Taylor stepped back while Hunter first pulled the right door open, then the left one.
They were immediately hit by a breath of warm, stale air. The doors revealed a concrete staircase that took them down a lot deeper than one would’ve imagined. There were at least thirty to forty steps.
‘Deep, isn’t it?’ Lucien said. ‘It’s a well-built shelter.’
Hunter went down first, and they all moved down in a hurry.
At the bottom, they were greeted by another heavy metal door with a very sturdy lock.
‘The seventh key,’ Lucien announced, ‘the one to the right of the one you used on the padlock.’
Taylor moved forward and unlocked the door before pushing it open.
The air inside the dark room beyond it was leaden with dust, and felt even staler, but there was something else in the air, something that both Hunter and Taylor could easily recognize because they’d been around it too many times.
The smell of death.
Sometimes sour, sometimes putrid, sometimes sickly sweet, sometimes bitter, sometimes nauseating, and most of the time a combination of everything. No one can tell you what death really smells like. Most would say that there’s no specific smell to it, but anyone who’s been around it as many times as Hunter and Taylor had been would recognize in just a fraction of a second, because as soon as you smell it, it chokes your heart and saddens your soul in a way that nothing else does.

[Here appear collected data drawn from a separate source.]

Definition rough_similarity (X Y : MetricSpace) (phi : X -> Y) : Prop :=
  exists lam c : R, 0 < lam /\ 0 <= c /\ forall x x' : X,
    lam * ms_d x x' - c <= ms_d (phi x) (phi x') <= lam * ms_d x x' + c.

(* The orbital map alpha(g) oX |-> beta(g) oY, extended to X and taken up to
   bounded distance, is a rough similarity: some map X -> Y at bounded distance
   from the orbit correspondence is a rough similarity. *)
Definition orbital_map_rough_similarity (G : TopGroup) (X Y : MetricSpace)
    (alpha : G -> X -> X) (beta : G -> Y -> Y) (oX : X) (oY : Y) : Prop :=
  exists phi : X -> Y, rough_similarity phi /\
    exists C : R, forall g : G, ms_d (phi (alpha g oX)) (beta g oY) <= C.

Definition Geom_orbital_rough_similar (G : TopGroup) : Prop :=
  forall (X Y : MetricSpace) (alpha : G -> X -> X) (beta : G -> Y -> Y),
    in_Geom alpha -> in_Geom beta ->
    forall (oX : X) (oY : Y), orbital_map_rough_similarity alpha beta oX oY.

(* Both parts follow from one transfer principle.  Let f : H -> G be a
   continuous homomorphism that is proper and has cocompact image, G = f(H) C
   with C compact.  Composing with f turns every (X, alpha) in Geom(G) into an
   element of Geom(H); and since every g is f(h) c with c in C, whose orbits
   through the base points are bounded, an orbital map for H stays at bounded
   distance from the orbital map for G, which is therefore a rough similarity
   as soon as the former is.  The quotient map by a compact normal subgroup is
   such an f with C = {1}.  For a closed embedding of the compactly generated,
   hence sigma-compact, group H, properness comes from the Baire category
   theorem in the locally compact group G: the image of some compact piece of
   H has nonempty interior in f(H), and translating it back gives a
   neighbourhood of 1 with relatively compact preimage. *)

From HB Require Import structures.
From mathcomp Require Import all_boot all_order all_algebra.
From mathcomp Require Import all_classical all_reals all_analysis.
From mathcomp Require Import Rstruct Rstruct_topology lra.
From Stdlib Require Import Rdefinitions.
Set Implicit Arguments. Unset Strict Implicit. Unset Printing Implicit Defensive.
Import Order.TTheory GRing.Theory Num.Theory numFieldNormedType.Exports.
Local Open Scope classical_set_scope.

Section TopGroupTheory.
Variable G : TopGroup.
Local Notation "x * y" := (tg_mul x y).
Local Notation "x ^-1" := (tg_inv x).
Local Notation "1" := (@tg_one G).

Lemma tg_mulgV (x : G) : x * x^-1 = 1.
Proof.
have e : (x^-1)^-1 * x^-1 = 1 := tg_mulVg _.
rewrite -[x * x^-1]tg_mul1g -{1}e -tg_mulA (tg_mulA (x^-1)) tg_mulVg tg_mul1g.
exact: e.
Qed.

Lemma tg_mulg1 (x : G) : x * 1 = x.
Proof. by rewrite -(tg_mulVg x) tg_mulA tg_mulgV tg_mul1g. Qed.

Lemma tg_mulKg (a x : G) : a^-1 * (a * x) = x.
Proof. by rewrite tg_mulA tg_mulVg tg_mul1g. Qed.

Lemma tg_mulKVg (a x : G) : a * (a^-1 * x) = x.
Proof. by rewrite tg_mulA tg_mulgV tg_mul1g. Qed.

Lemma tg_invg_uniq (a b : G) : a * b = 1 -> a = b^-1.
Proof. by move=> ab1; rewrite -[a]tg_mulg1 -(tg_mulgV b) tg_mulA ab1 tg_mul1g. Qed.

Lemma tg_invgK (x : G) : (x^-1)^-1 = x.
Proof. by symmetry; apply: tg_invg_uniq; rewrite tg_mulgV. Qed.

Lemma tg_invMg (x y : G) : (x * y)^-1 = y^-1 * x^-1.
Proof. by symmetry; apply: tg_invg_uniq; rewrite -tg_mulA tg_mulKg tg_mulVg. Qed.

Lemma tg_invg1 : 1^-1 = 1.
Proof. by symmetry; apply: tg_invg_uniq; rewrite tg_mul1g. Qed.

Lemma continuous_tg_mull (a : G) : continuous (tg_mul a).
Proof.
move=> x; apply: (@continuous2_cvg _ _ _ _ _ _ (fun=> a) id (fun u v => u * v)).
- exact: (@tg_mul_cont G (a, x)).
- exact: cvg_cst.
- exact: cvg_id.
Qed.

Lemma nbhs_tg_mull (a x : G) (U : set G) :
  nbhs x U -> nbhs (a * x) [set y | U (a^-1 * y)].
Proof.
by move=> Ux; apply: (@continuous_tg_mull a^-1 (a * x)); rewrite tg_mulKg.
Qed.

Lemma compact_tg_mull (a : G) (A : set G) : compact A -> compact (tg_mul a @` A).
Proof. by apply: continuous_compact; apply/continuous_subspaceT/continuous_tg_mull. Qed.

Lemma compact_tg_mul (A B : set G) : compact A -> compact B ->
  compact [set a * b | a in A & b in B].
Proof.
move=> cA cB; rewrite image2E; apply: continuous_compact; last exact: compact_setX.
have -> : uncurry (@tg_mul G) = (fun p => p.1 * p.2) by apply/funext => -[].
exact/continuous_subspaceT/tg_mul_cont.
Qed.

End TopGroupTheory.

Lemma group_hom1 (G1 G2 : TopGroup) (f : G1 -> G2) : group_hom f -> f tg_one = tg_one.
Proof.
move=> fM; have f11 := fM tg_one tg_one; rewrite tg_mul1g in f11.
by have := tg_mulKg (f tg_one) (f tg_one); rewrite -f11 tg_mulVg.
Qed.

Lemma group_homV (G1 G2 : TopGroup) (f : G1 -> G2) (x : G1) :
  group_hom f -> f (tg_inv x) = tg_inv (f x).
Proof. by move=> fM; apply: tg_invg_uniq; rewrite -fM tg_mulVg group_hom1. Qed.

(* Relatively compact preimages, which is all that properness of a pulled-back
   action uses. *)
Definition proper_map (T U : topologicalType) (f : T -> U) :=
  forall C : set U, compact C -> exists2 E : set T, compact E & f @^-1` C `<=` E.

Lemma compact_finite_nbhs_cover (T : topologicalType) (C : set T) (O : T -> set T) :
  compact C -> (forall x, C x -> nbhs x (O x)) ->
  exists s : seq T, C `<=` \bigcup_(x in [set` s]) O x.
Proof.
move=> cC CO; apply: contrapT => /forallNP noCover.
pose B (s : seq T) := C `\` \bigcup_(x in [set` s]) O x.
have BF : ProperFilter (filter_from setT B).
  apply: filter_from_proper; last first.
    move=> s _; apply: contrapT => nB; apply: (noCover s) => y Cy.
    by apply: contrapT => nOy; apply: nB; exists y.
  apply: filter_from_filter; first by exists [::].
  move=> s t _ _; exists (s ++ t) => // y [Cy nOy].
  by split; split => // -[x xst Oxy]; apply: nOy; exists x => //=; rewrite mem_cat xst ?orbT.
have [|x [Cx clx]] := cC _ BF; first by exists [::] => // y [].
have [y [[_ nOy] Oy]] := clx _ _ (ex_intro2 _ _ [:: x] I (fun=> id)) (CO x Cx).
by apply: nOy; exists x => //=; rewrite mem_seq1.
Qed.

Lemma proper_map_local (T U : topologicalType) (f : T -> U) :
  (forall y : U, exists (O : set U) (E : set T),
    [/\ nbhs y O, compact E & f @^-1` O `<=` E]) ->
  proper_map f.
Proof.
move=> loc C cC.
have [OE OEP] : {OE : U -> set U * set T & forall y,
    [/\ nbhs y (OE y).1, compact (OE y).2 & f @^-1` (OE y).1 `<=` (OE y).2]}.
  apply: (@choice _ _ (fun y p => [/\ nbhs y p.1, compact p.2 & f @^-1` p.1 `<=` p.2])).
  by move=> y; have [Oy [Ey OEy]] := loc y; exists (Oy, Ey).
have [|s CO] := compact_finite_nbhs_cover cC (O := fun y => (OE y).1).
  by move=> y _; case: (OEP y).
exists (\bigcup_(y in [set` s]) (OE y).2).
  by rewrite bigcup_seq; apply: bigsetU_compact => y _; case: (OEP y).
move=> x /CO[y sy Oy]; exists y => //.
by case: (OEP y) => _ _; apply.
Qed.

Lemma group_hom_proper (H G : TopGroup) (f : H -> G) (W : set G) (E : set H) :
  group_hom f -> closed (range f) -> nbhs tg_one W -> compact E -> f @^-1` W `<=` E ->
  proper_map f.
Proof.
move=> fM closedR W1 cE fWE; apply: proper_map_local => y.
have [[h _ <-]|Ny] := pselect (range f y).
  exists [set g | W (tg_mul (tg_inv (f h)) g)], (tg_mul h @` E); split.
  - by have := nbhs_tg_mull (f h) W1; rewrite tg_mulg1.
  - exact: compact_tg_mull.
  - move=> x /= Wx; exists (tg_mul (tg_inv h) x); last by rewrite tg_mulKVg.
    by apply: fWE; rewrite /= fM group_homV.
exists (~` range f), set0; split.
- by apply: open_nbhs_nbhs; split => //; exact: closed_openC.
- exact: compact0.
- by move=> x /=; apply; exists x.
Qed.

Lemma quotient_map_proper (H Q : TopGroup) (K : set H) (pi : H -> Q) :
  locally_compact_group H -> compact K -> group_hom pi ->
  (forall U : set H, open U -> open (pi @` U)) -> (forall q, exists h, pi h = q) ->
  (forall h, pi h = tg_one <-> K h) ->
  proper_map pi.
Proof.
move=> [_ lcH] cK piM piO piS piK; have [N [N1 cN]] := lcH tg_one.
apply: (@group_hom_proper _ _ _ (pi @` N°) [set tg_mul a b | a in N & b in K]) => //.
- have -> : range pi = setT.
    by apply/seteqP; split => // q _; have [h hq] := piS q; exists h.
  exact: closedT.
- apply: open_nbhs_nbhs; split; first by apply/piO/open_interior.
  exists tg_one; last exact: group_hom1.
  exact: nbhs_singleton (nbhs_interior N1).
- exact: compact_tg_mul.
move=> x [n Nn pinx]; exists n; first exact: interior_subset.
exists (tg_mul (tg_inv n) x); last by rewrite tg_mulKVg.
by apply/piK; rewrite piM group_homV // pinx tg_mulVg.
Qed.

Section CompactlyGenerated.
Variable H : TopGroup.

(* [set_pow S n] is S^(n+1). *)
Fixpoint set_pow (S : set H) (n : nat) : set H :=
  if n is n'.+1 then [set tg_mul x s | x in set_pow S n' & s in S] else S.

Lemma compact_set_pow (S : set H) n : compact S -> compact (set_pow S n).
Proof. by move=> cS; elim: n => [|n IHn] //=; exact: compact_tg_mul. Qed.

Lemma set_pow_mul (S : set H) a b x y :
  set_pow S a x -> set_pow S b y -> set_pow S (a + b).+1 (tg_mul x y).
Proof.
elim: b y => [|b IHb] y Sx; first by rewrite addn0 => Sy; exists x => //; exists y.
move=> [y' Sy' [s Ss <-]]; rewrite addnS; exists (tg_mul x y'); first exact: IHb.
by exists s; last rewrite tg_mulA.
Qed.

Lemma set_pow_inv (S : set H) n x : (forall s, S s -> S (tg_inv s)) ->
  set_pow S n x -> set_pow S n (tg_inv x).
Proof.
move=> SV; elim: n x => [|n IHn] x /=; first exact: SV.
move=> [x' Sx' [s Ss <-]]; rewrite tg_invMg.
by have := @set_pow_mul S 0 n _ _ (SV _ Ss) (IHn _ Sx'); rewrite add0n.
Qed.

Lemma compactly_generated_sigma_compact : compactly_generated H ->
  exists P : nat -> set H, (forall n, compact (P n)) /\ forall h, exists n, P n h.
Proof.
move=> [S [cS genS]]; pose S' := S `|` tg_inv @` S `|` [set tg_one].
have cS' : compact S'.
  apply/compactU/compact_set1/compactU => //.
  by apply: continuous_compact => //; exact/continuous_subspaceT/tg_inv_cont.
have S'V s : S' s -> S' (tg_inv s).
  move=> [[Ss|[t St <-]]|->].
  - by left; right; exists s.
  - by left; left; rewrite tg_invgK.
  - by right; rewrite tg_invg1.
exists (set_pow S'); split => [n|h]; first exact: compact_set_pow.
suff : [set x | exists n, set_pow S' n x] = setT by move/seteqP => [_ /(_ h I)].
apply: genS.
- by move=> x Sx; exists 0; left; left.
- by exists 0; right.
- by move=> x y [a Sx] [b Sy]; exists (a + b).+1; exact: set_pow_mul.
- by move=> x [a Sx]; exists a; exact: set_pow_inv.
Qed.

End CompactlyGenerated.

Lemma nested_compact_cap (T : topologicalType) (E : nat -> set T) :
  compact (E 0) -> (forall n, closed (E n)) -> (forall n, E n.+1 `<=` E n) ->
  (forall n, E n !=set0) -> exists x, forall n, E n x.
Proof.
move=> cE0 clE decE E0.
have monoE n m : (n <= m)%N -> E m `<=` E n.
  by move=> /subnKC <-; elim: (m - n)%N => [|k IHk]; rewrite ?addn0 // addnS => x /decE /IHk.
have EF : ProperFilter (filter_from setT E).
  apply: filter_from_proper => [|n _]; last exact: E0.
  apply: filter_from_filter; first by exists 0.
  move=> i j _ _; exists (maxn i j) => // x Ex.
  by split; apply: (monoE _ (maxn i j)) => //; rewrite ?leq_maxl ?leq_maxr.
have [|x [_ clx]] := cE0 _ EF; first by exists 0.
exists x => n; rewrite [E n](closure_id _).1 //; move: clx; rewrite clusterE; apply.
by exists n.
Qed.

Section LocallyCompactBaire.
Variable T : topologicalType.
Hypothesis T_hausdorff : hausdorff_space T.
Hypothesis T_locally_compact : forall x : T, exists U, nbhs x U /\ compact U.

Lemma nbhs_compact_closure (x : T) (W : set T) : nbhs x W ->
  exists V, [/\ open V, V x, compact (closure V) & closure V `<=` W].
Proof.
move=> Wx; have [N [Nx cN]] := T_locally_compact x.
have [D Dx DNW] := compact_regular T_hausdorff cN Nx (filterI Nx Wx).
have DsubN : closure D° `<=` N `&` W.
  exact: subset_trans (closureS (@interior_subset _ D)) DNW.
exists D°; split.
- exact: open_interior.
- exact: nbhs_singleton (nbhs_interior Dx).
- apply: subclosed_compact cN _; first exact: closed_closure.
  by move=> y /DsubN[].
- by move=> y /DsubN[].
Qed.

As they sensed death, Hunter and Taylor were filled with a disquieting fear, and the same thought exploded inside both of their heads.
We’ve wasted too much time. We’re too late.
Hunter shone the beam of his flashlight into the room and moved it around the place almost frantically.
It was empty.
There was no one there.
Lucien took a healthy deep breath, like a hungry man taking in the aroma of freshly cooked food.
‘Wow, I’ve missed this smell.’
‘Madeleine?’ Taylor called into the room, her gaze chasing after the beam of the flashlight. ‘Madeleine?’
‘It would’ve been very stupid of me if I had left Madeleine locked inside the very first room one comes to in the shelter, wouldn’t it?’ A cryptic smile graced Lucien’s lips.
‘Where is she?’ Taylor asked.
‘There’s a light switch on the wall to the right of the door,’ Lucien told them.
Hunter reached for it.
A feeble yellowish bulb at the center of the ceiling flickered a couple of times, as if in doubt whether it would come on or not. It finally did, and it brought with it an electronic hiss that echoed annoyingly around the room.
They found themselves in a semi-bare room, twenty feet square. Two of the thick, solid concrete walls were adorned by a few handmade bookshelves, all of them loaded with books that were covered by a thick layer of dust. The wall to the left of where they stood had a single steel door set right in the center of it. The door had a dappled gunmetal look to its surface, as though it were meant to draw the eye. Against the wall directly in front of them was a console desk that must’ve been at least fifty or sixty years old, where a multitude of buttons, switches, levers and old-fashioned dial gauges could be found. A switched-off computer monitor hung on the wall just above the console desk. This was definitely the shelter’s main control room.
The floor was simple polished concrete. A plethora of metal and PVC pipes of different diameters crisscrossed the ceiling in all directions, disappearing through the walls. A couple of medium-sized square cardboard and wooden boxes were piled up one on top of the other in one corner of the room. They looked to be supplies.